It doesn't look as if the actual added code for raid6 is all that large.
--
bill davidsen <[email protected]>
CTO TMR Associates, Inc
"You are disgraced professional losers. And by the way, give us our money back."
- Representative Earl Pomeroy, Democrat of North Dakota
on the A.I.G. executives who were paid bonuses after a federal bailout.
Goswin von Brederlow wrote:
> "H. Peter Anvin" <[email protected]> writes:
>
>> Bill Davidsen wrote:
>>> It would seem that that space could be allocated and populated when
>>> raid6 was first used, as part of the initialization. I haven't looked at
>>> that code since it was new, so I might be optimistic about doing it that
>>> way.
>> We could use vmalloc() and generate the tables at initialization time.
>> However, having a separate module which exports the raid6 declaration
>> and uses the raid5 module as a subroutine library seems easier.
>>
>> -hpa
>
> Combine the two.
>
> The raid6 module initializes the tables for raid6 and uses the raid5
> module as subroutine library.
>
It really doesn't make sense at all. It's easier at that point to
retain the static tables.
-hpa
--
H. Peter Anvin, Intel Open Source Technology Center
I work for Intel. I don't speak on their behalf.

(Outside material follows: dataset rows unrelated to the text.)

Lemma sum_affine_geom (c m : nat) (a b d : int) :
  \sum_(s < m.+1) (a + b * s%:Z + d * (s == 0 :> nat)%:R) *: 'X^(c * s) =
  a%:P * geom c m.+1 0 + b%:P * geom c m.+1 1 + d%:P.
Proof.
under eq_bigr do rewrite scalerDl.
rewrite big_split /=; congr (_ + _).
  rewrite /geom !mulr_sumr -big_split /=; apply: eq_bigr => s _.
  by rewrite !mul_polyC !scalerA expr0 expr1 mulr1 -scalerDl.
rewrite big_ord_recl /= mulr1 muln0 expr0 alg_polyC big1 ?addr0 // => s _.
by rewrite mulr0 scale0r.
Qed.

Lemma sum_ovp_monomial_affine n (j : 'I_n) (w : 'I_n.+1 * bool -> int) (a b d : int) :
  (forall s : 'I_n.+1, w (s, true) * (0 < s)%N%:R + w (s, false) =
     a + b * s%:Z + d * (s == 0 :> nat)%:R) ->
  \sum_x w x *: ovp_monomial j x =
  a%:P * geom j.+1 n.+1 0 + b%:P * geom j.+1 n.+1 1 + d%:P.
Proof.
by move=> Ew; rewrite sum_ovp_monomial_weighted -sum_affine_geom; apply: eq_bigr => s _; rewrite Ew.
Qed.

Lemma sum_ovp_monomial n (j : 'I_n) :
  \sum_x ovp_monomial j x = 2%:R * geom j.+1 n.+1 0 - 1.
Proof.
rewrite -(eq_bigr _ (fun x _ => scale1r (ovp_monomial j x))).
rewrite (@sum_ovp_monomial_affine _ _ _ 2 0 (-1)); last first.
  by case=> -[|s] ? /=; rewrite ?mulr1 ?mulr0 ?addr0.
by rewrite polyC0 polyCN polyC1 polyC_natr; ring.
Qed.

Lemma sum_ovp_monomial_nonover n (j : 'I_n) :
  \sum_(x : 'I_n.+1 * bool) (j.+1 * (x.1 - x.2))%N%:Z *: ovp_monomial j x =
  (j.+1%:Z)%:P * (2%:R * geom j.+1 n.+1 1 - geom j.+1 n.+1 0 + 1).
Proof.
rewrite (@sum_ovp_monomial_affine _ _ _ (- j.+1%:Z) (2 * j.+1%:Z) j.+1%:Z); last first.
  by case=> -[|s] ? /=; rewrite ?mulr1 ?mulr0 ?addr0; lia.
by rewrite polyCN polyCM polyC_natr; ring.
Qed.

Lemma sum_ovp_monomial_over n (j : 'I_n) :
  \sum_(x : 'I_n.+1 * bool) (j.+1 * x.2)%N%:Z *: ovp_monomial j x =
  (j.+1%:Z)%:P * (geom j.+1 n.+1 0 - 1).
Proof.
rewrite (@sum_ovp_monomial_affine _ _ _ j.+1%:Z 0 (- j.+1%:Z)); last first.
  by case=> -[|s] ? /=; rewrite ?mulr1 ?mulr0 ?addr0; lia.
by rewrite polyC0 polyCN; ring.
Qed.

Lemma take_poly_sum_ovp_monomial n (j : 'I_n) :
  take_poly n.+1 (\sum_x ovp_monomial j x) = take_poly n.+1 (ovp_factor n.+1 j.+1).
Proof.
rewrite sum_ovp_monomial.
apply: (take_poly_congr_by (r := 1 * geom_defect0 j.+1 n.+1)).
  by rewrite /ovp_factor /geom_defect0; ring.
exact: take_poly_defect0.
Qed.

Lemma take_poly_sum_ovp_monomial_nonover n (j : 'I_n) :
  take_poly n.+1 (\sum_(x : 'I_n.+1 * bool) (j.+1 * (x.1 - x.2))%N%:Z *: ovp_monomial j x) =
  take_poly n.+1 (ovp_factor n.+1 j.+1 * ((j.+1%:Z)%:P * (geom j.+1 n.+1 0 - 1))).
Proof.
rewrite sum_ovp_monomial_nonover /ovp_factor.
set c := j.+1; set x : {poly int} := 'X^c; set g0 := geom c n.+1 0; set g1 := geom c n.+1 1.
set e0 := geom_defect0 c n.+1; set e1 := geom_defect1 c n.+1.
set T := 2%:R * g1 - g0 + 1 - (1 + x) * g0 * (g0 - 1).
apply: (take_poly_congr_by (r := (c%:Z)%:P * (- T * (2%:R + e0) + g0 ^+ 2 *
     (2%:R * x - (1 - x) - (1 + x) * (2%:R + e0) + (1 + x) * (1 - x))) * e0
   + (c%:Z)%:P * (g0 ^+ 2 * (2%:R * (1 - x))) * e1)).
  by rewrite /T /e0 /e1 /geom_defect0 /geom_defect1 /x /g0 /g1; ring.
by rewrite take_polyD !take_poly_defect0 ?take_poly_defect1 ?addr0.
Qed.

Lemma take_poly_sum_ovp_monomial_over n (j : 'I_n) :
  take_poly n.+1 (\sum_(x : 'I_n.+1 * bool) (j.+1 * x.2)%N%:Z *: ovp_monomial j x) =
  take_poly n.+1 (ovp_factor n.+1 j.+1 * ((j.+1%:Z)%:P * (geom j.+1 n.+1 0 - 1)
     - 2%:R * ((j.+1%:Z)%:P * (geom (2 * j.+1) n.+1 0 - 1)))).
Proof.
rewrite sum_ovp_monomial_over /ovp_factor.
set c := j.+1; set x : {poly int} := 'X^c; set g0 := geom c n.+1 0.
set h0 := geom (2 * c) n.+1 0.
set e0 := geom_defect0 c n.+1; set f0 := geom_defect0 (2 * c) n.+1.
have x2 : 'X^(2 * c) = x ^+ 2 by rewrite /x mulnC exprM.
set T := (g0 - 1) - (1 + x) * g0 * (g0 - 2%:R * h0 + 1).
set u := 1 - x; set v := 1 - x ^+ 2.
apply: (take_poly_congr_by (r := (c%:Z)%:P * (- T * (2%:R + e0) * (1 + f0) + g0 ^+ 2 * h0 *
     (u * v - (1 + x) * ((2%:R + e0) * v - 2%:R * u * (1 + f0) + u * v))) * e0
   + (c%:Z)%:P * (- T + g0 ^+ 2 * h0 * (2%:R * u * (1 + x))) * f0)).
  by rewrite /T /u /v /e0 /f0 /geom_defect0 x2 /x /g0 /h0; ring.
by rewrite take_polyD !take_poly_defect0 ?addr0 // muln_gt0.
Qed.

Lemma geom_behead c n p : geom c n.+1 p = (0 ^+ p)%:P + \sum_(s < n) s.+1%:Z ^+ p *: 'X^(c * s.+1).
Proof. by rewrite /geom big_ord_recl muln0 expr0 -alg_polyC. Qed.

(* Both sides are [sum_(1 <= i, s <= n) i q^(d i s)], with the roles of [i] and [s] swapped. *)
Lemma sum_geom_swap n d :
  \sum_(i < n) (i.+1%:Z)%:P * (geom (d * i.+1) n.+1 0 - 1) =
  \sum_(i < n) geom (d * i.+1) n.+1 1.
Proof.
under eq_bigr do rewrite geom_behead expr0 polyC1 addrC addKr mulr_sumr.
under [RHS]eq_bigr do rewrite geom_behead expr0n polyC0 add0r.
rewrite exchange_big /=; apply: eq_bigr => s _; apply: eq_bigr => i _.
by rewrite expr0 expr1 scale1r mul_polyC mulnAC.
Qed.

Lemma sum_geom_swap1 n :
  \sum_(i < n) (i.+1%:Z)%:P * (geom i.+1 n.+1 0 - 1) = \sum_(i < n) geom i.+1 n.+1 1.
Proof.
have := sum_geom_swap n 1.
by under eq_bigr do rewrite mul1n; under [in RHS]eq_bigr do rewrite mul1n.
Qed.

Lemma sum_ovp_weight_gf n (w : 'I_n -> 'I_n.+1 * bool -> int) (K : nat -> {poly int}) :
  (forall j : 'I_n, take_poly n.+1 (\sum_x w j x *: ovp_monomial j x) =
     take_poly n.+1 (ovp_factor n.+1 j.+1 * K j.+1)) ->
  \sum_(f : ovp_data n | is_ovp f) \sum_j w j (f j) =
  (\prod_(k < n) ovp_factor n.+1 k.+1 * \sum_(k < n) K k.+1)`_n.
Proof.
move=> Ew; have coefT p : (take_poly n.+1 p)`_n = p`_n by rewrite coef_take_poly ltnSn.
rewrite sum_ovp_weight -coefT -[RHS]coefT mulr_sumr !take_poly_sum.
apply: (congr1 (fun p : {poly int} => p`_n)); apply: eq_bigr => i _.
rewrite (take_polyM_congr (Ew i)
  (@take_poly_prod_congr _ n.+1 _ _ _ _ (fun j : 'I_n => ovp_factor n.+1 j.+1) _)).
  by rewrite [in RHS](bigD1 i) //=; congr take_poly; ring.
by move=> j _; apply: take_poly_sum_ovp_monomial.
Qed.

Lemma Mbar_2_nov n : Mbar_2 n = 2%:R * (nov n)%:Z.
Proof.
have -> : (nov n)%:Z = \sum_(f : ovp_data n | is_ovp f) \sum_(j : 'I_n) (j.+1 * ((f j).1 - (f j).2))%N%:Z.
  rewrite /nov /nonover_sum -natz natr_sum; apply: eq_bigr => f _.
  by rewrite natr_sum; apply: eq_bigr => j _; rewrite natz.
have /= -> := @sum_ovp_weight_gf n _ (fun c => (c%:Z)%:P * (geom c n.+1 0 - 1))
  (@take_poly_sum_ovp_monomial_nonover n).
by rewrite sum_geom_swap1 Mbar_2E !mulr_natl coefMn.
Qed.

Lemma Mbar_2_M2bar_2_ov n : Mbar_2 n - 2%:R * M2bar_2 n = 2%:R * (ov n)%:Z.
Proof.
have -> : (ov n)%:Z = \sum_(f : ovp_data n | is_ovp f) \sum_(j : 'I_n) (j.+1 * (f j).2)%N%:Z.
  rewrite /ov /over_sum -natz natr_sum; apply: eq_bigr => f _.
  by rewrite natr_sum; apply: eq_bigr => j _; rewrite natz.
have /= -> := @sum_ovp_weight_gf n _ (fun c => (c%:Z)%:P * (geom c n.+1 0 - 1)
    - 2%:R * ((c%:Z)%:P * (geom (2 * c) n.+1 0 - 1)))
  (@take_poly_sum_ovp_monomial_over n).
rewrite sumrB -mulr_sumr sum_geom_swap1 sum_geom_swap Mbar_2E M2bar_2E mulrBr.
by rewrite !mulr_natl !mulrnAr coefB !coefMn mulrnBl.
Qed.

Theorem proposition4p1 (n : nat) :
  ((nov n)%:R = (Mbar_2 n)%:~R / 2 :> rat) /\
  ((ov n)%:R = (Mbar_2 n)%:~R / 2 - (M2bar_2 n)%:~R :> rat).
Proof.
have nov_eq := Mbar_2_nov n.
have ov_eq : Mbar_2 n = 2%:R * M2bar_2 n + 2%:R * (ov n)%:Z.
  by rewrite -Mbar_2_M2bar_2_ov addrC subrK.
by split; [rewrite nov_eq | rewrite ov_eq]; rewrite ?rmorphD !rmorphM /= !rmorph_nat; field.
Qed.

On 10:23, H. Peter Anvin wrote:
> We could use vmalloc() and generate the tables at initialization time.
> However, having a separate module which exports the raid6 declaration
> and uses the raid5 module as a subroutine library seems easier.
Really? Easier than keeping only two 256-byte arrays for exp() and
log() and use these at runtime to populate the (dynamically allocated)

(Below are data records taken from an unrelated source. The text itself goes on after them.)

(* <X P_k, P_(k+1)> = ||P_(k+1)||^2, since X P_k - P_(k+1) has degree <= k. *)
Lemma ip_XP_next k : (k < N)%N -> ip ('X * P k) (P k.+1) = norm2 k.+1.
Proof.
move=> lt_kN; rewrite ipC -(subrK (P k.+1) ('X * P k)) ipD.
by rewrite P_ortho_low ?add0r ?size_XP_sub.
Qed.

Definition beta k := ip ('X * P k) (P k) / norm2 k.
Definition gamma k := if k is k'.+1 then norm2 k / norm2 k' else 0.

(* Three-term recurrence: X P_k - P_(k+1) - beta_k P_k - gamma_k P_(k-1) has degree
   at most k and is orthogonal to P_0, ..., P_k, hence vanishes. *)
Lemma three_term k : (k < N)%N ->
  'X * P k = P k.+1 + beta k *: P k + gamma k *: P k.-1.
Proof.
move=> lt_kN; have le_kN := ltnW lt_kN; apply: subr0_eq.
have le_k1N : (k.-1 <= N)%N by rewrite (leq_trans (leq_pred k)).
have sizeD u v : (size u <= k.+1)%N -> (size v <= k.+1)%N -> (size (u + v)%R <= k.+1)%N.
  by move=> su sv; rewrite (leq_trans (size_polyD _ _)) // geq_max su.
have sizeZ c u : (size u <= k.+1)%N -> (size (c *: u)%R <= k.+1)%N.
  exact: leq_trans (size_scale_leq _ _).
apply: (ortho_eq0 le_kN).
  rewrite -addrA opprD addrA sizeD ?size_XP_sub // size_polyN.
  by rewrite sizeD ?sizeZ ?P_size // ltnS leq_pred.
move=> i le_ik; have le_iN := leq_trans le_ik le_kN.
rewrite ipB !ipD !ipZ [ip (P i) ('X * _)]ipC ipX ipC.
case: (ltngtP i.+1 k) => [lt_i1k | lt_ki1 | eq_i1k].
- rewrite ipC P_ortho_low ?size_XP // !P_ortho ?mulr0 ?addr0 ?subrr //; lia.
- have -> : i = k by lia.
  have gamma0 : gamma k * ip (P k) (P k.-1) = 0.
    case: k {le_ik lt_ki1 sizeD sizeZ} lt_kN le_kN le_k1N => [|k] * /=.
      by rewrite mul0r.
    by rewrite P_ortho ?mulr0 //; lia.
  rewrite gamma0 (@P_ortho k k.+1) //; last by lia.
  by rewrite /beta -/(norm2 k) divfK ?norm2_neq0 // add0r addr0 subrr.
- subst k; rewrite (ip_XP_next (ltnW lt_kN)).
  rewrite (@P_ortho i i.+2) ?(@P_ortho i i.+1) //; try lia.
  by rewrite -/(norm2 i) divfK ?norm2_neq0 // mulr0 !add0r subrr.
Qed.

64K GF multiplication table? That seems to be really simple and would
still shave off 64K of kernel memory for raid5-only users.
Andre
--
The only person who always got his work done by Friday was Robinson Crusoe
Andre Noll <[email protected]> writes:
> On 10:23, H. Peter Anvin wrote:
>
>> We could use vmalloc() and generate the tables at initialization time.
>> However, having a separate module which exports the raid6 declaration
>> and uses the raid5 module as a subroutine library seems easier.
>
> Really? Easier than keeping only two 256-byte arrays for exp() and
> log() and use these at runtime to populate the (dynamically allocated)

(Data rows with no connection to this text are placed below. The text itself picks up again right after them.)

Lemma indep_set_prob_ge0 Y : 0 <= indep_set_prob Y.
Proof.
apply: prodr_ge0 => u _; have /andP[q0 q1] := q01 u.
by case: (u \in Y); rewrite ?subr_ge0.
Qed.

Lemma indep_set_mgf (c : T -> R) :
  \sum_Y indep_set_prob Y * \prod_u (if u \in Y then 1 else c u) =
  \prod_u (q u + (1 - q u) * c u).
Proof.
rewrite (bigA_distr 1 +%R q (fun u => (1 - q u) * c u)).
apply: eq_big => // Y _; rewrite -big_split /=; apply: eq_bigr => u _.
by case: (u \in Y); rewrite ?mulr1.
Qed.

Lemma sum_indep_set_prob : \sum_Y indep_set_prob Y = 1.
Proof.
transitivity (\prod_u (q u + (1 - q u))); last by apply: big1 => u _; rewrite subrKC.
by rewrite (bigA_distr 1 +%R); apply: eq_bigl.
Qed.

Lemma indep_set_chernoff (N : {set T}) (mu a dl : R) :
  0 <= mu <= 1 -> 0 < dl <= 1 -> (forall u, u \in N -> 1 - q u <= mu) ->
  mu + dl <= a ->
  \sum_Y indep_set_prob Y * (a * #|N|%:R < #|N :\: Y|%:R)%R%:R <=
  expR (- (dl ^+ 2 / 8) * #|N|%:R).
Proof.
move=> /andP[mu0 mu1] /andP[dl0 dl1] qN mu_a.
set l := dl / 4; set d : R := #|N|%:R.
have l0 : 0 <= l by rewrite divr_ge0 // ltW.
pose c u := if u \in N then expR l else 1.
have prodE (Y : {set T}) : \prod_u (if u \in Y then 1 else c u) = expR (l * #|N :\: Y|%:R).
  rewrite natr_card_sum mulr_sumr expR_sum; apply: eq_bigr => u _.
  by rewrite /c inE; case: (u \in Y); case: (u \in N); rewrite ?mulr0 ?mulr1 ?expR0.
have markov (Y : {set T}) : (a * d < #|N :\: Y|%:R)%R%:R <=
                expR (- (l * a * d)) * \prod_u (if u \in Y then 1 else c u).
  rewrite prodE -expRD; case: ltrP => h; last exact: expR_ge0.
  apply: le_trans (expR_ge1Dx _); rewrite lerDl -mulrA addrC -mulrBr.
  by rewrite mulr_ge0 // subr_ge0 ltW.
have factor u : u \in N -> q u + (1 - q u) * c u <= expR (mu * (expR l - 1)).
  move=> uN; rewrite /c uN /=; have /andP[q0 q1] := q01 u; have := qN u uN.
  have : 1 <= expR l by apply: le_trans (expR_ge1Dx _); lra.
  by move=> e1 qmu; apply: le_trans (expR_ge1Dx _); nra.
have exponent : mu * (expR l - 1) - l * a <= - (dl ^+ 2 / 8).
  have el : expR l <= 1 + l + 2 * l ^+ 2 by apply: expR_le_quadratic; rewrite l0 /l; lra.
  have : mu * (expR l - 1) <= mu * (l + 2 * l ^+ 2) by apply: ler_wpM2l => //; lra.
  by rewrite /l; nra.
apply: le_trans (ler_sum _ (fun Y _ => ler_wpM2l (indep_set_prob_ge0 Y) (markov Y))) _.
under eq_bigr => Y _ do rewrite mulrCA.
rewrite -big_distrr /= indep_set_mgf (bigID (mem N)) /=.
rewrite [X in _ * (_ * X)]big1 ?mulr1 => [|u /negbTE uN]; last by rewrite /c uN mulr1 subrKC.
apply: (@le_trans _ _ (expR (- (l * a * d)) * expR (mu * (expR l - 1)) ^+ #|N|)).
  rewrite ler_wpM2l ?expR_ge0 // -prodr_const; apply: ler_prod => u uN.
  have /andP[q0 q1] := q01 u.
  by rewrite factor // addr_ge0 // mulr_ge0 ?subr_ge0 // /c uN expR_ge0.
rewrite -expRM_natl -expRD ler_expR -/d.
have d0 : 0 <= d by rewrite ler0n.
by nra.
Qed.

> 64K GF multiplication table? That seems to be really simple and would
> still shave off 64K of kernel memory for raid5-only users.
>
> Andre
Oh, you mean when the first raid6 device is started and not when the
module is loaded. That would work.
MfG
Goswin
Andre Noll wrote:
> On 10:23, H. Peter Anvin wrote:
>
>> We could use vmalloc() and generate the tables at initialization time.
>> However, having a separate module which exports the raid6 declaration
>> and uses the raid5 module as a subroutine library seems easier.
>
> Really? Easier than keeping only two 256-byte arrays for exp() and
> log() and use these at runtime to populate the (dynamically allocated)
> 64K GF multiplication table? That seems to be really simple and would
> still shave off 64K of kernel memory for raid5-only users.
>
Yes, I believe it would be easier than having dynamically allocated
arrays. Dynamically generated arrays using static memory allocations
(bss) is one thing, but that would only reduce size of the module on
disk, which I don't think anyone considers a problem.
-hpa
On 20:31, Goswin von Brederlow wrote:
> > Really? Easier than keeping only two 256-byte arrays for exp() and
> > log() and use these at runtime to populate the (dynamically allocated)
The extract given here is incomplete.